(Stored data)
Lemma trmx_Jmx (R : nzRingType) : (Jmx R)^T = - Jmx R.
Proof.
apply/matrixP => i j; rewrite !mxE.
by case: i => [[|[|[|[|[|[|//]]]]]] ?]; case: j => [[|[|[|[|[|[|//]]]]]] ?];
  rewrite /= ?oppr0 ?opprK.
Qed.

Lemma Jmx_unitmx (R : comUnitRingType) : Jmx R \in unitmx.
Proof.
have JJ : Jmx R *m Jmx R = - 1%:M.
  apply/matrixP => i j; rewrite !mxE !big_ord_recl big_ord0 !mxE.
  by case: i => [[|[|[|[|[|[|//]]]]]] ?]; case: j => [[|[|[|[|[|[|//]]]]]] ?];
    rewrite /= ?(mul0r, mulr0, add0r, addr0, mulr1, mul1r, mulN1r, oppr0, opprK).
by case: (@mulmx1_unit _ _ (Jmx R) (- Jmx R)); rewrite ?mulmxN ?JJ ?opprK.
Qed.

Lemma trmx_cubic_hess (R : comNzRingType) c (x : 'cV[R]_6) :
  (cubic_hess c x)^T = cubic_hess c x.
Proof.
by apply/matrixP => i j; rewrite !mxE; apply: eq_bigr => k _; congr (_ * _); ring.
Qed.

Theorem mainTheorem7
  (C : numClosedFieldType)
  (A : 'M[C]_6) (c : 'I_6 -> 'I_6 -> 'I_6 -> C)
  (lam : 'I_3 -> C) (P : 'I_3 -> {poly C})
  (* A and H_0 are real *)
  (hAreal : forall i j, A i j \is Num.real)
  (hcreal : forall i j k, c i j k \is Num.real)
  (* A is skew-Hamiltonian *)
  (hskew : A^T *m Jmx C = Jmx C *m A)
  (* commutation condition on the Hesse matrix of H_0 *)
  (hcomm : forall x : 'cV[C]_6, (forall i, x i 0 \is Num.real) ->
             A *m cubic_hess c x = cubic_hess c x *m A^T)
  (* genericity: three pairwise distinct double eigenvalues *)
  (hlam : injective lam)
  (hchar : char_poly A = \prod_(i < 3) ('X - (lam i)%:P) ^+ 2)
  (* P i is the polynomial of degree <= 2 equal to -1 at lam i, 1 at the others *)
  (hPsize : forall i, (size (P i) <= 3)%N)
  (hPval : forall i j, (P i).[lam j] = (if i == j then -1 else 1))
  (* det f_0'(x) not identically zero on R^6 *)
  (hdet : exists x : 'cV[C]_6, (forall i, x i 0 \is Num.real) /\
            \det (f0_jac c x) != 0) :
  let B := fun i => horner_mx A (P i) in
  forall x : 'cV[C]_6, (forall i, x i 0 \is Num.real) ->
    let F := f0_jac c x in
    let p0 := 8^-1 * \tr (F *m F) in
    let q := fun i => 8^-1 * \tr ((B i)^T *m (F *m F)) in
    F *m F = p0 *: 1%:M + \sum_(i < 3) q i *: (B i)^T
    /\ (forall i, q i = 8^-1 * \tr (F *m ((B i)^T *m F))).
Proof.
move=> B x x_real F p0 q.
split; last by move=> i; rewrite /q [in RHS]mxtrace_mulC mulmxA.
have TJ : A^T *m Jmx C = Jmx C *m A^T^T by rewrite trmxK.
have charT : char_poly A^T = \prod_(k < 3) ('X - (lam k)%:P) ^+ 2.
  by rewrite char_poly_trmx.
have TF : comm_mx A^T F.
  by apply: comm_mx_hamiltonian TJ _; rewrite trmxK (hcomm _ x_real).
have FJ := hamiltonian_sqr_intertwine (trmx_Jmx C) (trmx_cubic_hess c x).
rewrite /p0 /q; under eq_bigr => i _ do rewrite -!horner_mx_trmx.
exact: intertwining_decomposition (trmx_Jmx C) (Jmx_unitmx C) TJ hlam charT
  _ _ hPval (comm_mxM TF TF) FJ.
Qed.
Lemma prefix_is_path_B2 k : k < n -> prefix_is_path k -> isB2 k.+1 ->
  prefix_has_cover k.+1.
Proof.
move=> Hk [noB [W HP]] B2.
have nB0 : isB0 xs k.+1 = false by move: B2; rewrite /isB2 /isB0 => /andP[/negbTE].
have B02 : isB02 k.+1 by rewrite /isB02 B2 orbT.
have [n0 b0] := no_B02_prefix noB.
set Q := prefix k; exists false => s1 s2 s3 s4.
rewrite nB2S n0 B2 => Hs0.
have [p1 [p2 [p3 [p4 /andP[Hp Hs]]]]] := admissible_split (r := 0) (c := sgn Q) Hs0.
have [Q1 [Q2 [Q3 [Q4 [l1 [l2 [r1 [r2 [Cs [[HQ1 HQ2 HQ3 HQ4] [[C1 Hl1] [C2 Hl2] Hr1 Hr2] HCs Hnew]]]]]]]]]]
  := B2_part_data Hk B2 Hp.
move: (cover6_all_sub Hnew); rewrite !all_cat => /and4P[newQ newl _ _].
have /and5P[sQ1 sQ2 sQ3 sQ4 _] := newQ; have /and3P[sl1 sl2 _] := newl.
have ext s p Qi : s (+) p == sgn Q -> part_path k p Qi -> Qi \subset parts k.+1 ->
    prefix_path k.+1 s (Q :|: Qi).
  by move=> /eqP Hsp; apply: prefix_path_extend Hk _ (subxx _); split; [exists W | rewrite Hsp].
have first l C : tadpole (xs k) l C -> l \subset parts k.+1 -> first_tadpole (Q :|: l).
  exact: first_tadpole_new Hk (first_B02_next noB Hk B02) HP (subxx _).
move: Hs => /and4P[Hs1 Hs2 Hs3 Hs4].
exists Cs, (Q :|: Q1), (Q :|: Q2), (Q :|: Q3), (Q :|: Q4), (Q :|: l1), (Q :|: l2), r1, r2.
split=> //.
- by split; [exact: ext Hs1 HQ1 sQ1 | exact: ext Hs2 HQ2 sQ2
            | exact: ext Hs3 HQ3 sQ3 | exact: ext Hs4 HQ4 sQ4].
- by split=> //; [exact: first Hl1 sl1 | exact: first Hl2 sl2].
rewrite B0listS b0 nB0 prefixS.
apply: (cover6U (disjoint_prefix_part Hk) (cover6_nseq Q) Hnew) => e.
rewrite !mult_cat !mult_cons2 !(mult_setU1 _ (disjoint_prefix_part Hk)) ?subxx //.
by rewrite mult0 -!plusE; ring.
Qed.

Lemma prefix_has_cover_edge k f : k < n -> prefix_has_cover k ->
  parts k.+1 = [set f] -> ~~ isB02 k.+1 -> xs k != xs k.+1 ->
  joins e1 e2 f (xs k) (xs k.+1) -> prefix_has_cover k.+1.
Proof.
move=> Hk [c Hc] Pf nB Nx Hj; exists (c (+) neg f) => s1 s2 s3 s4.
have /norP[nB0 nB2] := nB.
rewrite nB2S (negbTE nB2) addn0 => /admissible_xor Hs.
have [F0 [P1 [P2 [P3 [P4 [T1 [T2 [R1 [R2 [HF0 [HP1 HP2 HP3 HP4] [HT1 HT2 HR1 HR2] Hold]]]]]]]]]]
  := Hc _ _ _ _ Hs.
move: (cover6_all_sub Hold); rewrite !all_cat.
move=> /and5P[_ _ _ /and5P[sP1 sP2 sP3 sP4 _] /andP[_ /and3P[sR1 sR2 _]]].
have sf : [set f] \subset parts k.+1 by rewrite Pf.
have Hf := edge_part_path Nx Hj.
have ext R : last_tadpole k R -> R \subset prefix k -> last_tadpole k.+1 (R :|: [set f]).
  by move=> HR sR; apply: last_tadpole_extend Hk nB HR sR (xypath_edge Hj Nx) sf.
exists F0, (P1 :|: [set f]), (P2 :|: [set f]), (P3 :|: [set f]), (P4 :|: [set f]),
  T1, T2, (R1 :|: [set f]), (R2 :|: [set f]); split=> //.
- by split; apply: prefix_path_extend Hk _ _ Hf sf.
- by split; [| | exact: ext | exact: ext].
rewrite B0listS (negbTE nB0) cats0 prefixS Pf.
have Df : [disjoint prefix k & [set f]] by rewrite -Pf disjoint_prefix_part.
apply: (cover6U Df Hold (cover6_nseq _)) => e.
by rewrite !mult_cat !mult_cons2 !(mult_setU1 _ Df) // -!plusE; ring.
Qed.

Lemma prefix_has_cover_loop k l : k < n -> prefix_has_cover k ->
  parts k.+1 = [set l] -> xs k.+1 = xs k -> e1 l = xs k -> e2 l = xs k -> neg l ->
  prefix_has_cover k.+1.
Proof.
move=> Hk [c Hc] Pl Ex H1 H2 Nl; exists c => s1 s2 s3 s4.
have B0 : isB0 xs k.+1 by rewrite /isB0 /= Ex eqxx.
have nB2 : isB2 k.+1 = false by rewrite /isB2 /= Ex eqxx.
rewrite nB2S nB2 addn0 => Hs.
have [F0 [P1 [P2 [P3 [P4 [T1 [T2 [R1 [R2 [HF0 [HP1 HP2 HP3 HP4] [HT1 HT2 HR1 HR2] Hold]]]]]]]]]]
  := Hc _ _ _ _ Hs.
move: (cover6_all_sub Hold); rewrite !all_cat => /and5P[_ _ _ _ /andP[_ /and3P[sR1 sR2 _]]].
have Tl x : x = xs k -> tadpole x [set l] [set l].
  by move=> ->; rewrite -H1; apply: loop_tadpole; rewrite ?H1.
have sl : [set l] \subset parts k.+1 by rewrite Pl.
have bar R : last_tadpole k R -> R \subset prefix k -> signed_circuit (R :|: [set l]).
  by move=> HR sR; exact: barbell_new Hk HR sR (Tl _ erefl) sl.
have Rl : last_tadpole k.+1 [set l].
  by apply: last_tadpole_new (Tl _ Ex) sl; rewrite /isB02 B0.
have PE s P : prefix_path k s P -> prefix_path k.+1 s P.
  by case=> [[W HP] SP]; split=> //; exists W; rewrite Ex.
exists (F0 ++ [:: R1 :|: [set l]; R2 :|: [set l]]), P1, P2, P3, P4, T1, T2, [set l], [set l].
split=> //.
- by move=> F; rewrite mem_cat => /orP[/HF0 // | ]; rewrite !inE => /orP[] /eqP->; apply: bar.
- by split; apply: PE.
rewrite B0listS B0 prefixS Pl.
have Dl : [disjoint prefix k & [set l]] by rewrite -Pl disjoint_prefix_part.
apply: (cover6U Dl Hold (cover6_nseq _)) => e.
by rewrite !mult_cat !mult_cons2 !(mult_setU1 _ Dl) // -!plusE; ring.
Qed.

_TASK TO COMPLETE_
Look above for the line with "have ext s p" and the line with "- by split; apply: prefix_path_extend"; transcribe both and all lines in between, exactly, and nothing else.

_EXERCISE RESULT_
have ext s p Qi : s (+) p == sgn Q -> part_path k p Qi -> Qi \subset parts k.+1 ->
    prefix_path k.+1 s (Q :|: Qi).
  by move=> /eqP Hsp; apply: prefix_path_extend Hk _ (subxx _); split; [exists W | rewrite Hsp].
have first l C : tadpole (xs k) l C -> l \subset parts k.+1 -> first_tadpole (Q :|: l).
  exact: first_tadpole_new Hk (first_B02_next noB Hk B02) HP (subxx _).
move: Hs => /and4P[Hs1 Hs2 Hs3 Hs4].
exists Cs, (Q :|: Q1), (Q :|: Q2), (Q :|: Q3), (Q :|: Q4), (Q :|: l1), (Q :|: l2), r1, r2.
split=> //.
- by split; [exact: ext Hs1 HQ1 sQ1 | exact: ext Hs2 HQ2 sQ2
            | exact: ext Hs3 HQ3 sQ3 | exact: ext Hs4 HQ4 sQ4].
- by split=> //; [exact: first Hl1 sl1 | exact: first Hl2 sl2].
rewrite B0listS b0 nB0 prefixS.
apply: (cover6U (disjoint_prefix_part Hk) (cover6_nseq Q) Hnew) => e.
rewrite !mult_cat !mult_cons2 !(mult_setU1 _ (disjoint_prefix_part Hk)) ?subxx //.
by rewrite mult0 -!plusE; ring.
Qed.

Lemma prefix_has_cover_edge k f : k < n -> prefix_has_cover k ->
  parts k.+1 = [set f] -> ~~ isB02 k.+1 -> xs k != xs k.+1 ->
  joins e1 e2 f (xs k) (xs k.+1) -> prefix_has_cover k.+1.
Proof.
move=> Hk [c Hc] Pf nB Nx Hj; exists (c (+) neg f) => s1 s2 s3 s4.
have /norP[nB0 nB2] := nB.
rewrite nB2S (negbTE nB2) addn0 => /admissible_xor Hs.
have [F0 [P1 [P2 [P3 [P4 [T1 [T2 [R1 [R2 [HF0 [HP1 HP2 HP3 HP4] [HT1 HT2 HR1 HR2] Hold]]]]]]]]]]
  := Hc _ _ _ _ Hs.
move: (cover6_all_sub Hold); rewrite !all_cat.
move=> /and5P[_ _ _ /and5P[sP1 sP2 sP3 sP4 _] /andP[_ /and3P[sR1 sR2 _]]].
have sf : [set f] \subset parts k.+1 by rewrite Pf.
have Hf := edge_part_path Nx Hj.
have ext R : last_tadpole k R -> R \subset prefix k -> last_tadpole k.+1 (R :|: [set f]).
  by move=> HR sR; apply: last_tadpole_extend Hk nB HR sR (xypath_edge Hj Nx) sf.
exists F0, (P1 :|: [set f]), (P2 :|: [set f]), (P3 :|: [set f]), (P4 :|: [set f]),
  T1, T2, (R1 :|: [set f]), (R2 :|: [set f]); split=> //.
- by split; apply: prefix_path_extend Hk _ _ Hf sf.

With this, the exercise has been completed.